Kitzbühel –Schon seit Jahren kämpft das Rote Kreuz in Kitzbühel mit Platznöten. Derzeit sind die Ortsstelle und auch die Bezirksstelle in der Jochbergerstraße in Kitzbühel neben der Feuerwehr angesiedelt. Doch das Gebäude wird zu klein. Deshalb sind die Verantwortlichen schon seit Längerem auf der Suche nach einem neuen Standort.

Mit dem Führungswechsel in der Rotkreuz-Bezirksstelle ist im Vorjahr Bewegung in die Sache gekommen. Ins Auge gefasst wurde ein neuer Standort an der Brixentaler Straße, neben dem Eurotours-Gebäude. Doch auf dieser Fläche gab es Unklarheiten, was den Untergrund betrifft, die TT berichtete.

Das in Frage kommende Grundstück gehört der Gemeinde Kitzbühel. In einem Gespräch wurden nun auch die letzten Fragen zur Bodenbeschaffenheit geklärt, schildert Rotkreuz-Bezirksgeschäftsführer Stefa­n Kappel. „Wir konnten alle offenen Fragen klären und sind guter Dinge“, sagt Kappel. Von Seiten der Stadt sei man sehr bemüht. Es gebe auch schon einen Entwurf zur neuen Geschäftsstelle. „Mit der Detail-Planung warten wir aber noch, bis wir das offizielle Okay der Gemeinde haben“, schildert der Rotkreuz-Geschäftsführer. Denn nun müsse das Vorhaben erst dem Gemeinderat in Kitzbühel präsentiert werden.

Das bestätigt auch Bürgermeister Klaus Winkler. „Hinsichtlich des Standortes konnte alles geklärt werden.
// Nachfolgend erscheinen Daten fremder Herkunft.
(* Let $0\le\ell\le r$ and let $a_1,b_1,\dots,a_s,b_s\ge0$ be integers with $\sum_{i=1}^s a_i+\sum_{i=1}^s b_i=\ell$. Put $k=\sum_{i=1}^s a_i$. Then the ideal $S^{a_1}L^{b_1}S^{a_2}L^{b_2}\cdots S^{a_s}L^{b_s}(p)\subseteq R_\ell$ (operators applied successively starting from $(p)=p\mathbb{Z}\subseteq R_0$) depends only on $k$, and $$S^{a_1}L^{b_1}\cdots S^{a_s}L^{b_s}(p)=S^kL^{\ell-k}(p)=L^{\ell-k}S^k(p)=J_{\ell,0}(p^{k+1}).$$
   Context: Fix a prime $p$ and an integer $r\ge0$. For $0\le k\le r$ let $R_k$ be the commutative ring which is free as a $\mathbb{Z}$-module with basis $X_{k,0},\dots,X_{k,k}$ and multiplication $X_{k,i}X_{k,j}=p^{k-\max(i,j)}X_{k,\min(i,j)}$; thus $X_{k,k}=1$, and an integer $n$ is identified with $nX_{k,k}$. For $0\le k\le\ell\le r$ define: the additive map $\mathrm{ind}^\ell_k:R_k\to R_\ell$, $X_{k,i}\mapsto X_{\ell,i}$; the ring homomorphism $\mathrm{res}^\ell_k:R_\ell\to R_k$, $\mathrm{res}^\ell_k(X_{\ell,i})=p^{\ell-k}X_{k,i}$ if $i\le k$ and $=p^{\ell-i}$ if $i\ge k$; and the multiplicative map $\mathrm{jnd}^\ell_k:R_k\to R_\ell$, $$\mathrm{jnd}^\ell_k\Big(\sum_{i=0}^k m_iX_{k,i}\Big)=m_kX_{\ell,\ell}+\sum_{k\le i<\ell}\frac{m_k^{p^{\ell-i}}-m_k^{p^{\ell-i-1}}}{p^{\ell-i}}X_{\ell,i}+\sum_{0\le i<k}\frac{(\sum_{s=i}^k m_sp^{k-s})^{p^{\ell-k}}-(\sum_{s=i+1}^k m_sp^{k-s})^{p^{\ell-k}}}{p^{\ell-i}}X_{\ell,i}$$ ($m_i\in\mathbb{Z}$). For $1\le k\le r$ and an ideal $I\subseteq R_{k-1}$: $L(I)=(\mathrm{res}^k_{k-1})^{-1}(I)\subseteq R_k$, and $S(I)$ is the ideal of $R_k$ generated by $\mathrm{ind}^k_{k-1}(I)\cup\mathrm{jnd}^k_{k-1}(I)$; $L^n,S^n$ are iterates (each step raising the index by one). For $0\le i\le\ell$, $F_{\ell,i}=X_{\ell,i}-p^{\ell-i}$; for $0\le k\le\ell$ and $x\in\mathbb{Z}$, $J_{\ell,k}(x)\subseteq R_\ell$ is the ideal generated by $x,F_{\ell,k},\dots,F_{\ell,\ell-1}$ if $k\le\ell-1$, and $J_{\ell,\ell}(x)=xR_\ell$. *)

From HB Require Import structures.
From mathcomp Require Import all_boot all_order all_algebra.
Unset Printing Implicit Defensive.
Import Order.TTheory GRing.Theory Num.Theory.
Local Open Scope ring_scope.

(* The ring R_k, as the Z-module with basis X_{k,0},...,X_{k,k}:
   an element is its coefficient vector (x i = coefficient of X_{k,i}). *)
Definition R (k : nat) := {ffun 'I_k.+1 -> int}.

Definition coef (k : nat) (x : R k) (n : nat) : int :=
  if (n < k.+1)%N then x (inord n) else 0.

Definition zeroR (k : nat) : R k := [ffun _ => 0].
Definition addR (k : nat) (x y : R k) : R k := [ffun i => x i + y i].

Definition X (k : nat) (i : nat) : R k := [ffun j : 'I_k.+1 => ((j : nat) == i)%:R].

(* the integer n, identified with n X_{k,k} *)
Definition cst (k : nat) (n : int) : R k :=
  [ffun j : 'I_k.+1 => if (j : nat) == k then n else 0].

(* multiplication: X_{k,i} X_{k,j} = p^(k - max(i,j)) X_{k,min(i,j)}, bilinear *)
Definition mulR (p k : nat) (x y : R k) : R k :=
  [ffun m : 'I_k.+1 => \sum_(i < k.+1) \sum_(j < k.+1)
      (if minn i j == m then x i * y j * (p ^ (k - maxn i j))%:Z else 0)].

Definition ind (k l : nat) (x : R k) : R l := [ffun i : 'I_l.+1 => coef k x i].

(* res^l_k : X_{l,i} |-> p^(l-k) X_{k,i} (i <= k), p^(l-i) (i >= k) *)
Definition res (p k l : nat) (y : R l) : R k :=
  [ffun j : 'I_k.+1 =>
     if (j < k)%N then (p ^ (l - k))%:Z * coef l y j
     else \sum_(k <= i < l.+1) (p ^ (l - i))%:Z * coef l y i].

(* jnd^l_k (multiplicative map); divisions are exact integer divisions *)
Definition jnd (p k l : nat) (x : R k) : R l :=
  let m := coef k x in
  [ffun i : 'I_l.+1 =>
     if (i : nat) == l then m k
     else if (k <= i)%N then
       ((m k ^+ (p ^ (l - i)) - m k ^+ (p ^ (l - i - 1))) %/ (p ^ (l - i))%:Z)%Z
     else
       (((\sum_(i <= s < k.+1) m s * (p ^ (k - s))%:Z) ^+ (p ^ (l - k))
         - (\sum_(i.+1 <= s < k.+1) m s * (p ^ (k - s))%:Z) ^+ (p ^ (l - k)))
          %/ (p ^ (l - i))%:Z)%Z].

Definition ideal_eq (k : nat) (I J : R k -> Prop) : Prop := forall x, I x <-> J x.

Definition gen (p k : nat) (G : R k -> Prop) : R k -> Prop :=
  fun x => exists s : seq (R k * R k),
    (forall q, q \in s -> G q.2) /\
    x = foldr (fun q acc => addR k (mulR p k q.1 q.2) acc) (zeroR k) s.

Definition Lop (p k : nat) (I : R k -> Prop) : R k.+1 -> Prop :=
  fun y => I (res p k k.+1 y).

Definition Sop (p k : nat) (I : R k -> Prop) : R k.+1 -> Prop :=
  gen p k.+1 (fun y => exists x, I x /\ (y = @ind k k.+1 x \/ y = @jnd p k k.+1 x)).

Definition pZ (p : nat) : R 0 -> Prop := gen p 0 (fun y => y = cst 0 (p%:Z)).

(* A word w of operators (true = S, false = L), head = outermost (leftmost)
   operator; word_ideal p l w is  w (p) subset of R_l  when size w = l. *)
Fixpoint word_ideal (p l : nat) (w : seq bool) {struct l} : R l -> Prop :=
  match l as l0 return R l0 -> Prop with
  | 0 => pZ p
  | l'.+1 => match w with
    | b :: w' => (if b then @Sop p l' else @Lop p l') (@word_ideal p l' w')
    | [::] => fun _ => False end
  end.

Definition mixed_word (s : nat) (a b : 'I_s -> nat) : seq bool :=
  flatten [seq nseq (a i) true ++ nseq (b i) false | i <- enum 'I_s].

Definition F (p l i : nat) : R l := addR l (X l i) (cst l (- (p ^ (l - i))%:Z)).

Definition J (p l k : nat) (x : int) : R l -> Prop :=
  gen p l (fun y => y = cst l x \/ exists i : nat, (k <= i < l)%N /\ y = F p l i).

From HB Require Import structures.
From mathcomp Require Import all_boot all_order all_algebra.
From mathcomp Require Import zify ring.
Import Order.TTheory GRing.Theory Num.Theory.
Local Open Scope ring_scope.

(* The augmentation aug : R_l -> Z, X_{l,i} |-> p^(l-i), i.e.
   aug x = \sum_i x_i p^(l-i), is a ring homomorphism, and it intertwines the
   three maps of the problem:  aug o res = aug,  aug o ind = p * aug  and
   aug o jnd = aug^p  (the last one by Fermat's little theorem and the fact
   that a = b mod p^e implies a^p = b^p mod p^(e+1)).
   We show that every word ideal  w(p) subset R_l  is the preimage
   aug^-1(p^(m+1) Z), where m is the number of letters S in w:
   - aug^-1(d Z) is the ideal generated by d and the F_{l,i} (i < l), since
     aug F_{l,i} = 0 and y = \sum_i y_i F_{l,i} + (aug y / d) d;
   - L preserves preimages (aug o res = aug), and S turns aug^-1(p^m Z) into
     aug^-1(p^(m+1) Z): the generators ind x, jnd x have augmentation in
     p^(m+1) Z, and conversely p^(m+1) and the F_{l+1,i} are written
     explicitly as combinations of ind and jnd of elements of aug^-1(p^m Z).
   The theorem follows since all four ideals equal aug^-1(p^(k+1) Z). *)

Lemma coef_ord l (x : R l) (i : 'I_l.+1) : coef l x i = x i.
Proof. by rewrite /coef ltn_ord inord_val. Qed.

Lemma coef_over l (x : R l) n : (l < n)%N -> coef l x n = 0.
Proof. by move=> h; rewrite /coef ltnNge h. Qed.

Lemma R_ext l (x y : R l) :
  (forall n, (n < l.+1)%N -> coef l x n = coef l y n) -> x = y.
Proof. by move=> h; apply/ffunP => i; rewrite -!coef_ord; exact: h. Qed.

Lemma addRE k (x y : R k) : addR k x y = x + y.
Proof. by apply/ffunP => i; rewrite !ffunE. Qed.

Lemma zeroRE k : zeroR k = 0.
Proof. by apply/ffunP => i; rewrite !ffunE. Qed.

Lemma coef_add l (x y : R l) n : coef l (x + y) n = coef l x n + coef l y n.
Proof. by rewrite /coef; case: ifP => _; rewrite ?ffunE ?addr0. Qed.

Lemma coef_mulz l (x : R l) c n : coef l (x *~ c) n = coef l x n * c.
Proof. by rewrite /coef; case: ifP => _; rewrite ?ffunMzE ?mulrzz ?mul0r. Qed.

Lemma coef_sub l (x y : R l) n : coef l (x - y) n = coef l x n - coef l y n.
Proof. by rewrite -mulrN1z coef_add coef_mulz mulrN1. Qed.

Lemma coef_ind k l (x : R k) n :
  coef l (ind k l x) n = if (n < l.+1)%N then coef k x n else 0.
Proof. by rewrite /coef; case: ifP => h //; rewrite ffunE inordK. Qed.

Lemma coef_cst l d n : coef l (cst l d) n = if n == l then d else 0.
Proof.
rewrite /coef; case: ifP => [hn|hn]; first by rewrite ffunE inordK.
by case: eqP => // e; move: hn; rewrite e ltnSn.
Qed.

Lemma coef_X l i n : coef l (X l i) n = if (n < l.+1)%N then (n == i)%:R else 0.
Proof. by rewrite /coef; case: ifP => h //; rewrite ffunE inordK. Qed.

Lemma coef_F p l i n : (n < l.+1)%N ->
  coef l (F p l i) n = (n == i)%:R - (if n == l then (p ^ (l - i))%:Z else 0).
Proof.
move=> h; rewrite /F addRE coef_add coef_X coef_cst h.
by case: (n == l); rewrite ?subr0 ?addr0.
Qed.

Lemma Posz_exp (p n : nat) : (p ^ n)%:Z = (p%:Z) ^+ n.
Proof. by rewrite -!natz natrX. Qed.

Lemma prime_SS {p : nat} : prime p -> exists q, p = q.+2.
Proof.
by move=> /prime_gt1; case: p => [|[|q]] // _; exists q.
Qed.

Lemma dvdz_subXX (d a b : int) n : (d %| a - b)%Z -> (d %| a ^+ n - b ^+ n)%Z.
Proof. by move=> h; rewrite subrXX dvdz_mulr. Qed.

Lemma fermat_int p (m : int) : prime p -> (p %| m ^+ p - m)%Z.
Proof.
move=> hp; have p0 : (p%:Z != 0) by rewrite eqz_nat -lt0n prime_gt0.
have fermat_nat (n : nat) : (p %| (n ^ p)%:Z - n%:Z)%Z.
  have hle : (n <= n ^ p)%N.
    by case: n => // n; rewrite -{1}(expn1 n.+1) leq_pexp2l // prime_gt0.
  have := fermat_little n hp; move/eqP; rewrite eqn_mod_dvd // => h.
  by rewrite subzn // dvdzE.
set r := (m %% p)%Z.
have fermat_r : (p %| r ^+ p - r)%Z.
  have : 0 <= r by apply: modz_ge0.
  by case: r => [n|n] // _; rewrite -natz -natrX !natz fermat_nat.
have hmr : (p %| m - r)%Z by rewrite {1}(divz_eq m p) addrK dvdz_mull.
have -> : m ^+ p - m = (m ^+ p - r ^+ p) + (r ^+ p - r) - (m - r) by ring.
by rewrite rpredB // rpredD // dvdz_subXX.
Qed.

Lemma dvdz_pow_lift p e (a b : int) : prime p -> (0 < e)%N ->
  ((p ^ e)%:Z %| a - b)%Z -> ((p ^ e.+1)%:Z %| a ^+ p - b ^+ p)%Z.
Proof.
move=> hp he h.
have hpab : (p %| a - b)%Z by apply: dvdz_trans h; rewrite dvdzE dvdn_exp.
rewrite subrXX expnSr PoszM dvdz_mul //.
set S := \sum_(i < p) _.
have -> : S = \sum_(i < p) (a ^+ (p.-1 - i) * b ^+ i - b ^+ p.-1)
              + (p%:Z * b ^+ p.-1).
  by rewrite sumrB sumr_const card_ord -mulr_natl natz subrK.
rewrite rpredD // ?dvdz_mulr //.
apply: rpred_sum => i _.
have -> : b ^+ p.-1 = b ^+ i * b ^+ (p.-1 - i).
  by rewrite -exprD subnKC // -ltnS prednK ?prime_gt0.
by rewrite mulrC -mulrBr dvdz_mull // dvdz_subXX.
Qed.

Section Augmentation.

Variable p : nat.

Definition aug {l : nat} (x : R l) : int :=
  \sum_(i < l.+1) x i * (p ^ (l - i))%:Z.

Lemma aug_nat l (x : R l) :
  aug x = \sum_(0 <= i < l.+1) coef l x i * (p ^ (l - i))%:Z.
Proof. by rewrite big_mkord; apply: eq_bigr => i _; rewrite coef_ord. Qed.

Lemma aug_add l (x y : R l) : aug (x + y) = aug x + aug y.
Proof.
by rewrite /aug -big_split; apply: eq_bigr => i _; rewrite ffunE mulrDl.
Qed.
(* Let $k$ be a subfield of a field $f$ and let $G$ be a subgroup of the multiplicative group $f^*$ such that: $k^*\le G$; the quotient group $G/k^*$ is torsion; if $G/k^*$ has an element of order $4$, then $k$ contains a primitive $4$-th root of $1$; for every prime $p\in \pi(t(G))\cap\pi(G/k^* )$ the field $k$ contains a primitive $p$-th root of $1$; and $\operatorname{char}k\notin\pi(G/k^* )$. Let $g\in G\setminus k^*$ and let $t$ be the order of the image $gk^*$ of $g$ in $G/k^*$. Then $[k(g):k]=t$.
   Context: For a field $f$, $f^*$ denotes its multiplicative group. For an abelian group $A$, $t(A)$ denotes its torsion subgroup; for a torsion abelian group $X$, $\pi(X)$ denotes the set of primes dividing orders of elements of $X$. For a subfield $k$ and a subset $S$ of $f$, $k(S)$ is the subfield generated by $k$ and $S$, and $[f:k]$ is the dimension of $f$ over $k$. *)

From HB Require Import structures.
From mathcomp Require Import all_boot all_order all_algebra.
Set Implicit Arguments. Unset Strict Implicit. Unset Printing Implicit Defensive.
Import GRing.Theory.
Local Open Scope ring_scope.

Definition is_subfield (f : fieldType) (S : f -> Prop) : Prop :=
  [/\ S 0, S 1,
      (forall x y, S x -> S y -> S (x - y)),
      (forall x y, S x -> S y -> S (x * y)) &
      (forall x, S x -> x != 0 -> S x^-1)].

Definition is_mult_subgroup (f : fieldType) (G : f -> Prop) : Prop :=
  [/\ (forall x, G x -> x != 0), G 1,
      (forall x y, G x -> G y -> G (x * y)) &
      (forall x, G x -> G x^-1)].

Definition adjoin (f : fieldType) (k : f -> Prop) (g : f) : f -> Prop :=
  fun x => forall L : f -> Prop,
    is_subfield L -> (forall y, k y -> L y) -> L g -> L x.

Definition ext_dim (f : fieldType) (k L : f -> Prop) (n : nat) : Prop :=
  exists b : 'I_n -> f,
    [/\ (forall i, L (b i)),
        (forall c : 'I_n -> f, (forall i, k (c i)) ->
           \sum_(i < n) c i * b i = 0 -> forall i, c i = 0) &
        (forall x, L x -> exists c : 'I_n -> f,
           (forall i, k (c i)) /\ x = \sum_(i < n) c i * b i)].

(* for g in G (so g nonzero), the coset g k^* has order n in G/k^* *)
Definition coset_order (f : fieldType) (k : f -> Prop) (g : f) (n : nat) : Prop :=
  [/\ (0 < n)%N, k (g ^+ n) & forall m, (0 < m < n)%N -> ~ k (g ^+ m)].

Definition quot_torsion (f : fieldType) (k G : f -> Prop) : Prop :=
  forall g, G g -> exists n, coset_order k g n.

Definition in_pi_quot (f : fieldType) (k G : f -> Prop) (p : nat) : Prop :=
  exists g n, [/\ G g, coset_order k g n & (p %| n)%N].

Definition in_pi_tors (f : fieldType) (G : f -> Prop) (p : nat) : Prop :=
  exists x n, [/\ G x, (0 < n)%N, n.-primitive_root x & (p %| n)%N].

Definition has_prim_root (f : fieldType) (k : f -> Prop) (n : nat) : Prop :=
  exists z, k z /\ n.-primitive_root z.

(* Let t = s p with p = pdiv t and h = g^p, of coset order s. By induction the powers
   of h below s are free over k, so k(h) = k[h], and by a tower argument it suffices
   that the powers of g below p are free over k(h). Otherwise, as g^p = h, the
   determinant of a companion matrix shows that h = c^p for some c in k(h), and the
   norm of c down to k is an N in k with N^p = (-1)^(s+1) g^t. Up to sign, g^t is then
   a q-th power d^q in k for a prime q | t, and g^(t/q) / d is a q-th root of unity in
   G outside k, which the hypothesis on pi(t(G)) and pi(G/k^* ) forbids; in the
   remaining case (p = 2, s even) -g^t = N^2 with 4 | t, and g^(t/2) / N is a square
   root of -1 outside k, although g^(t/4) has coset order 4. *)

From mathcomp Require Import all_boot all_order all_algebra.
From Stdlib Require Import Classical.
From mathcomp Require Import ring zify.
Import GRing.Theory.
Local Open Scope ring_scope.
Set Implicit Arguments. Unset Strict Implicit. Unset Printing Implicit Defensive.

Lemma size_subr_lead_coef (R : nzRingType) (A B : {poly R}) :
  A != 0 -> size B = size A -> lead_coef B = lead_coef A -> (size (A - B)%R < size A)%N.
Proof.
move=> A0 eS eL; have sA : (0 < size A)%N by rewrite size_poly_gt0.
rewrite -(prednK sA) ltnS; apply/leq_sizeP => j hj.
rewrite coefB; case: (ltngtP j (size A).-1) => hj'.
- by move: hj; rewrite leqNgt hj'.
- by rewrite !nth_default ?subrr // ?eS -(prednK sA).
- by rewrite hj' -eS -!lead_coefE eS eL subrr.
Qed.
Wir haben ein geologisches Gutachten erstellen lassen“, sagt Winkler. Das Gutachten wurde basierend auf der Vorplanung des Roten Kreuzes erstellt. Es sei möglich, den Hindernissen auf dem Grundstück, wie zum Beispiel einem Rinnsal, aus dem Wege zu gehen. Bei der Planung wurde auch die Bezirkshauptmannschaft Kitzbühel eingebunden, denn auch der Umweltschutz hat in dem Bereich ein Wort mitzureden.

„Wir haben dem Roten Kreuz auf jeden Fall jegliche Unterstützung zugesagt, da ein Standort in Kitzbühel für uns sehr wichtig ist“, erklärt Winkler. Die Pläne würden nun den städtischen Gremien vorgelegt, er geht aber von einer Einigung bis Ende des Jahres aus. Geplant ist, dass das Rote Kreuz ein Baurecht auf dem Grundstück eingeräumt bekommt, für einen symbolischen Betrag, wie es Winkler bezeichnet.

Auch das Rote Kreuz hofft auf eine Einigung bis Jahresende. Denn der Zeitplan ist knapp gesteckt. Noch im Jahr 2019 soll bereits mit den Bauarbeiten auf dem Standort begonnen werden und im Jahr 2020 soll die neue Geschäftsstelle bezogen werden.